Integration Services, the 2005 replacement of good old Data Transformation services, has so many control flow and data flow possibilities, that you often have more than one way to do a particular task. One of those things is inserting a bunch of data from a CSV file into sql server. I started some experiments on this, and the first results (please wait for more detailed results before we can draw reliable conclusions) show that Bulk Insert is not the fastest way to bulk insert data!
The setup: I have one file of 272 Mb (1 million records) of random data: 5 columns varchar(49), and 5 columns of integer data. I insert these in an empty table in SQL Server 2005 developer edition. There are no indexes nor constraints on this table. I try this insert in a number of ways:
- With the bulk insert control flow task
- With a data flow with a flat file source and
- an OleDb destination (default settings)
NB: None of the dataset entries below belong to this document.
(* Let $M$ be a matroid on $E$ and let $(M_1,\dots,M_d)$ be a $d$-th symmetric power of $M$. Then for every flat $F$ of $M$, the set $F\cdot\mathrm{Sym}_{d-1}(E)$ is a flat of $M_d$.
   Context: $\mathrm{Sym}_d(E)$: multisets of size $d$ from $E$, written multiplicatively, $\mathrm{Sym}_0(E)=\{1\}$; $F\cdot\mathrm{Sym}_{d-1}(E)$ is the set of elements of $\mathrm{Sym}_d(E)$ containing at least one element of $F$. For $\alpha\in\mathrm{Sym}_{d-i}(E)$ and a matroid $N$ on $\mathrm{Sym}_d(E)$, $N|_\alpha$ is the restriction to $\{\alpha\beta:\beta\in\mathrm{Sym}_i(E)\}$. A $d$-th symmetric quasi power of $M$ is a sequence $(M_1,\dots,M_d)$ of matroids, $M_1=M$, $M_i$ on $\mathrm{Sym}_i(E)$, such that for every $1\le i\le d$ and $\alpha\in\mathrm{Sym}_{d-i}(E)$: if no element of $\alpha$ is a loop of $M$, $\beta\mapsto\alpha\beta$ is an isomorphism $M_i\cong M_d|_\alpha$; otherwise $\mathrm{rk}(M_d|_\alpha)=0$. It is a $d$-th symmetric power if also $\mathrm{rk}(M_d)=\binom{\mathrm{rk}(M)+d-1}{d}$. *)

From mathcomp Require Import all_boot.
Set Implicit Arguments. Unset Strict Implicit. Unset Printing Implicit Defensive.

Record matroid (T : finType) := Matroid {
  ground : {set T};
  indep : {set T} -> bool;
  indep_ground : forall I, indep I -> I \subset ground;
  indep0 : indep set0;
  indep_sub : forall I J : {set T}, J \subset I -> indep I -> indep J;
  indep_aug : forall I J : {set T}, indep I -> indep J -> #|I| < #|J| ->
     exists2 x, x \in J :\: I & indep (x |: I)
}.

Section MatroidNotions.
Variable T : finType.
Implicit Types (M : matroid T) (A : {set T}).

Definition rk M A : nat := \max_(I : {set T} | indep M I && (I \subset A)) #|I|.

Definition mrank M : nat := rk M (ground M).

Definition flat M A : Prop :=
  A \subset ground M /\ forall x, x \in ground M :\: A -> rk M A < rk M (x |: A).

Definition loop M (x : T) : bool := (x \in ground M) && ~~ indep M [set x].
End MatroidNotions.

(* [f] is an isomorphism from N onto the restriction N'|_S *)
Definition iso_restr (T T' : finType) (N : matroid T) (N' : matroid T')
    (f : T -> T') (S : {set T'}) : Prop :=
  {in ground N &, injective f} /\ f @: ground N = S /\ S \subset ground N' /\
  forall I : {set T}, I \subset ground N -> indep N I = indep N' (f @: I).

(* Multisets over E of size at most d, written as multiplicity functions. *)
Definition msetT (E : finType) (d : nat) := {ffun E -> 'I_d.+1}.

(* Sym_i(E) inside the ambient type (for i <= d) *)
Definition Sym (E : finType) (d i : nat) : {set msetT E d} :=
  [set m : msetT E d | \sum_(e : E) (m e : nat) == i].

Definition mmul (E : finType) (d : nat) (a b : msetT E d) : msetT E d :=
  [ffun e => inord (a e + b e)].

Definition msingle (E : finType) (d : nat) (e : E) : msetT E d :=
  [ffun x => inord (x == e)].

(* F . Sym_{d-1}(E): elements of Sym_d(E) containing some element of F *)
Definition FSym (E : finType) (d : nat) (F : {set E}) : {set msetT E d} :=
  [set m in @Sym E d d | [exists e in F, 0 < (m : msetT E d) e]].

(* d-th symmetric quasi power (M_1,...,M_d) = (Ms 1, ..., Ms d) of M,
   where M is a matroid on the whole of E. *)
Definition sym_quasi_power (E : finType) (d : nat) (M : matroid E)
    (Ms : nat -> matroid (msetT E d)) : Prop :=
  (forall i, 1 <= i <= d -> ground (Ms i) = @Sym E d i) /\
  iso_restr M (Ms 1) (@msingle E d) (@Sym E d 1) /\
  (forall i, 1 <= i <= d -> forall alpha, alpha \in @Sym E d (d - i) ->
     if [forall e, (0 < alpha e) ==> ~~ loop M e]
     then iso_restr (Ms i) (Ms d) (mmul alpha) (mmul alpha @: @Sym E d i)
     else rk (Ms d) (mmul alpha @: @Sym E d i) = 0).

Definition sym_power (E : finType) (d : nat) (M : matroid E)
    (Ms : nat -> matroid (msetT E d)) : Prop :=
  sym_quasi_power M Ms /\ mrank (Ms d) = 'C(mrank M + d - 1, d).

From mathcomp Require Import all_boot.
Set Implicit Arguments. Unset Strict Implicit. Unset Printing Implicit Defensive.

(* Choose a basis BF of F and extend it to a basis B of M.  The transfer
   principle [cl_replace] carries closure relations of M = M_1 to M_d along
   the isomorphisms M_1 ~ M_d|alpha; iterated over the letters of a word
   ([cl_expand]) it shows that the degree-d monomials in B span M_d, and as
   there are at most binomial(rk M + d - 1, d) = rk M_d of them, they form a
   basis ([monomials_indep]).
   Let x = mset s have degree d and no letter in F.  Ordering B \ BF, each
   letter e of s has a leading element lead e in B \ BF: e is spanned by BF
   and the elements up to lead e, and, by exchange, lead e is spanned by e,
   BF and the elements before it.  Replacing the letters of s by their
   leading elements one at a time ([lead_prefix_cl]) shows that the monomial
   u = mset (map lead s) is spanned by x, F.Sym and monomials in B \ BF of
   smaller weight, while F.Sym is spanned by the monomials in B other than u
   ([FSym_cl_basis]).  So if F.Sym spanned x, u would be spanned by the
   other elements of the monomial basis, which is absurd ([FSym_ncl]). *)

Section RankClosure.
Variables (T : finType) (M : matroid T).
Implicit Types (A B I S Y F : {set T}).

Lemma rk_max A I : indep M I -> I \subset A -> #|I| <= rk M A.
Proof.
move=> hI sIA; rewrite /rk.
by apply: (@leq_bigmax_cond _ (fun J => indep M J && (J \subset A)) (fun J => #|J|));
  rewrite hI sIA.
Qed.

Lemma rk_wit A : exists I, [/\ indep M I, I \subset A & #|I| = rk M A].
Proof.
have h0 : 0 < #|[pred I : {set T} | indep M I && (I \subset A)]|.
  by apply/card_gt0P; exists set0; rewrite inE indep0 sub0set.
have [I] := eq_bigmax_cond (fun I : {set T} => #|I|) h0.
by rewrite inE => /andP[hI sIA] eI; exists I.
Qed.

Lemma rk_mono A B : A \subset B -> rk M A <= rk M B.
Proof.
move=> sAB; have [I [hI sIA <-]] := rk_wit A.
exact: rk_max hI (subset_trans sIA sAB).
Qed.

Lemma rk_card A : rk M A <= #|A|.
Proof. by have [I [_ sIA <-]] := rk_wit A; apply: subset_leq_card. Qed.

Lemma indep_rk A : indep M A -> rk M A = #|A|.
Proof. by move=> hA; apply/eqP; rewrite eqn_leq rk_card rk_max. Qed.

Lemma rk_indep A : rk M A = #|A| -> indep M A.
Proof.
have [I [hI sIA <-]] := rk_wit A => eIA.
suff /eqP <- : I == A by [].
by rewrite eqEcard sIA eIA leqnn.
Qed.

Lemma rk0 : rk M set0 = 0.
Proof. by apply/eqP; rewrite -leqn0 (leq_trans (rk_card _)) ?cards0. Qed.

Lemma rk_U1ge A y : rk M A <= rk M (y |: A).
Proof. by apply: rk_mono; apply: subsetUr. Qed.

Lemma rk_U1le A y : rk M (y |: A) <= (rk M A).+1.
Proof.
have [I [hI sIA <-]] := rk_wit (y |: A).
rewrite (cardsD1 y I) -add1n leq_add //; first by case: (y \in I).
apply: rk_max; first exact: indep_sub (subD1set I y) hI.
apply/subsetP=> z; rewrite !inE => /andP[zy zI].
by move: (subsetP sIA z zI); rewrite !inE (negbTE zy).
Qed.

Lemma indep_augment A I : indep M I -> I \subset A -> #|I| < rk M A ->
  exists2 x, x \in A :\: I & indep M (x |: I).
Proof.
move=> hI sIA ltIA; have [J [hJ sJA eJ]] := rk_wit A.
have [|x] := indep_aug hI hJ; first by rewrite eJ.
rewrite !inE => /andP[xI xJ] hx; exists x => //.
by rewrite !inE xI (subsetP sJA).
Qed.

Lemma indep_extend A I : indep M I -> I \subset A ->
  exists J, [/\ indep M J, I \subset J, J \subset A & #|J| = rk M A].
Proof.
move Hn: (rk M A - #|I|) => n; elim: n I Hn => [|n IH] I Hn hI sIA.
  exists I; split => //; apply/eqP; rewrite eqn_leq rk_max //.
  by rewrite -subn_eq0 Hn.
have [|x] := indep_augment hI sIA; first by rewrite -subn_gt0 Hn.
rewrite !inE => /andP[xI xA] hx.
have [||J [hJ sxJ sJA eJ]] := IH (x |: I) _ hx.
- by rewrite cardsU1 xI add1n subnS Hn.
- by rewrite subUset sub1set xA.
by exists J; split => //; apply: subset_trans sxJ; apply: subsetUr.
Qed.

Definition cl A (y : T) : bool := rk M (y |: A) == rk M A.

Lemma cl_self A y : y \in A -> cl A y.
Proof. by move=> yA; rewrite /cl (setUidPr _) // sub1set. Qed.

(* Closure is monotone: a basis of A extended inside B keeps spanning y. *)
Lemma cl_mono A B y : A \subset B -> cl A y -> cl B y.
Proof.
move=> sAB /eqP clAy; rewrite /cl eqn_leq rk_U1ge andbT leqNgt.
apply/negP => ltB.
have [I [hI sIA eI]] := rk_wit A.
have [J [hJ sIJ sJB eJ]] := indep_extend hI (subset_trans sIA sAB).
have [||x] := indep_augment (A := y |: B) hJ; first exact: subset_trans sJB (subsetUr _ _).
  by rewrite eJ.
rewrite !inE => /andP[xJ /orP[/eqP xy|xB]] hx; last first.
  have sxB : x |: J \subset B by rewrite subUset sub1set xB sJB.
  by have := rk_max hx sxB; rewrite cardsU1 xJ eJ add1n ltnn.
subst x; have yI : y \notin I by apply: contra xJ; apply: (subsetP sIJ).
have := rk_max (indep_sub (setUS [set y] sIJ) hx) (setUS [set y] sIA).
by rewrite cardsU1 yI eI clAy add1n ltnn.
Qed.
- an OleDb destination using the fast load option
- a SQL Server destination
All experiments where run 3 times, all on the same machine (the IS package is run at the same machine where SQL Server is running, which is a Pentium 4, 3 GHz, 2 Gb ram, 1 processor machine (heavy desktop)). Below, I show you the average execution time for each of these approaches:
- Bulk insert : 49 seconds
- OleDb destination: 460 seconds
- OleDb destination fast load: 39 seconds
- SQL server destination: 24 seconds
It's obvious that the OleDb destination is slower than the bulk insert, but I have to admit I was surprised to see both the fast load OleDb and the SQL Server destination to be faster (and for the SQL destination it is even about 2 times faster!) than the bulk insert. I'm going to run some more tests against this to see why this unexpected behaviour pops up.
Nico